Possibly just nobody needed it before? Your example with the RHS seems correct to me.
Note: I think you should try to rewrite this to a vector.outerproduct (which can then be lowered via the ArmSME pipeline, rather than going directly to arm_sme.outerproduct, which is more restrictive wrt to vector sizes).

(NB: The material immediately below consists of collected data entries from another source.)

Lemma separating_cycle_two_colorable (R : realType) (V : seq (R * R)) E ps :
  separating_cycle E ps -> two_colorable V E.
Proof.
case=> _ sep; exists (fun x => `[< pexterior ps x >]).
move=> A /sep [[a aA a_in] [b bA b_ext]].
exists b, a; split=> //.
by rewrite (asboolT b_ext) (asboolF (closure_not_pexterior a_in)).
Qed.

Lemma two_colorable_separating_cycle (R : realType) (V : seq (R * R)) E :
  two_colorable V E -> exists ps, separating_cycle E ps.
Proof.
case=> c c_bichromatic.
have [|ps [ps_simple reds_bd blues_ext]] :=
  exists_separating_polygon (reds := [seq p <- flatten E | c p])
    (blues := [seq p <- flatten E | ~~ c p]).
  by move=> p; rewrite !mem_filter => /andP[-> _].
exists ps; split=> // A AE.
have in_flatten z : z \in A -> z \in flatten E by move=> zA; apply/flattenP; exists A.
have [x [y [xA yA cxy]]] := c_bichromatic A AE.
wlog cx : x y xA yA cxy / c x.
  move=> wl; case cx : (c x); first exact: (wl x y).
  by apply: (wl y x) => //; [rewrite eq_sym | move: cxy; rewrite cx; case: (c y)].
have ncy : ~~ c y by move: cxy; rewrite cx; case: (c y).
split; [exists x => //; right; apply: reds_bd | exists y => //; apply: blues_ext];
  by rewrite mem_filter ?cx ?ncy in_flatten.
Qed.

(* Neither direction needs the hypergraph assumptions. *)
Theorem theorem1 (R : realType) (V : seq (R * R)) (E : seq (seq (R * R))) :
  geom_hypergraph V E ->
  ((exists ps : seq (R * R), separating_cycle E ps) <-> two_colorable V E).
Proof.
move=> _; split; first by case=> ps /separating_cycle_two_colorable.
exact: two_colorable_separating_cycle.
Qed.
Lemma blk_unique i k : k < size ds ->
  bstart ds k <= i < bstart ds k.+1 -> blk ds i = k.
Proof.
move=> hk /andP[h1 h2]; rewrite /blk.
have -> : size ds = k + (size ds - k) by rewrite subnKC // ltnW.
rewrite iotaD count_cat add0n.
rewrite (@eq_in_count _ _ predT); last first.
  move=> l; rewrite mem_iota add0n => /andP[_ hl].
  by apply: leq_trans h1; apply: bstart_mono.
rewrite count_predT size_iota (@eq_in_count _ _ pred0) ?count_pred0 ?addn0 //.
move=> l; rewrite mem_iota => /andP[hl _] /=.
by apply/negbTE; rewrite -ltnNge; apply: leq_trans h2 _; apply: bstart_mono.
Qed.

Lemma blk_spec i : i < sumn ds ->
  blk ds i < size ds /\ bstart ds (blk ds i) <= i < bstart ds (blk ds i).+1.
Proof.
move=> hi.
have [k hk hki] : exists2 k, k < size ds & bstart ds k <= i < bstart ds k.+1.
  rewrite /bstart; elim: ds i hi => [|d ds' IH] i //= hi.
  have [hid|hdi] := ltnP i d; first by exists 0; rewrite //= take0 addn0.
  have [k hk hki] := IH (i - d) ltac:(lia).
  by exists k.+1 => //=; lia.
by rewrite (blk_unique hk hki).
Qed.

Hypothesis ds_pos : all (fun d => 0 < d) ds.

Lemma bstart_lt k l : k < l -> l <= size ds -> bstart ds k < bstart ds l.
Proof.
move=> hkl hl; have hk : k < size ds := leq_trans hkl hl.
apply: (@leq_trans (bstart ds k.+1)); last exact: bstart_mono.
by rewrite bstartS // -addn1 leq_add2l; apply: (all_nthP 0 ds_pos).
Qed.

Lemma bstart_lt_sumn k : k < size ds -> bstart ds k < sumn ds.
Proof. by move=> hk; have := bstart_lt hk (leqnn _); rewrite /bstart take_size. Qed.

Lemma bstart_inj k l : k < size ds -> l < size ds -> bstart ds k = bstart ds l -> k = l.
Proof.
move=> hk hl e; case: (ltngtP k l) => // hkl.
- by have := bstart_lt hkl (ltnW hl); rewrite e ltnn.
- by have := bstart_lt hkl (ltnW hk); rewrite e ltnn.
Qed.

End BlockStarts.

Also, I wonder if would be simpler to update ElideUnitDimsInMultiDimReduction (which is what results in this lowering) to simply emit a vector.outerproduct in this case (rather than lowering it to arith), which would seem more canonical to me
Edit: Ah the multi_reduction is just:
vector.mask %16 { vector.multi_reduction <add>, %15, %14 [2] : vector<[4]x[4]x1xf32> to vector<[4]x[4]xf32> } : vector<[4]x[4]x1xi1> -> vector<[4]x[4]xf32>
The broadcasts/transposes are done via the transfer_reads (from transfer_permutation_patterns).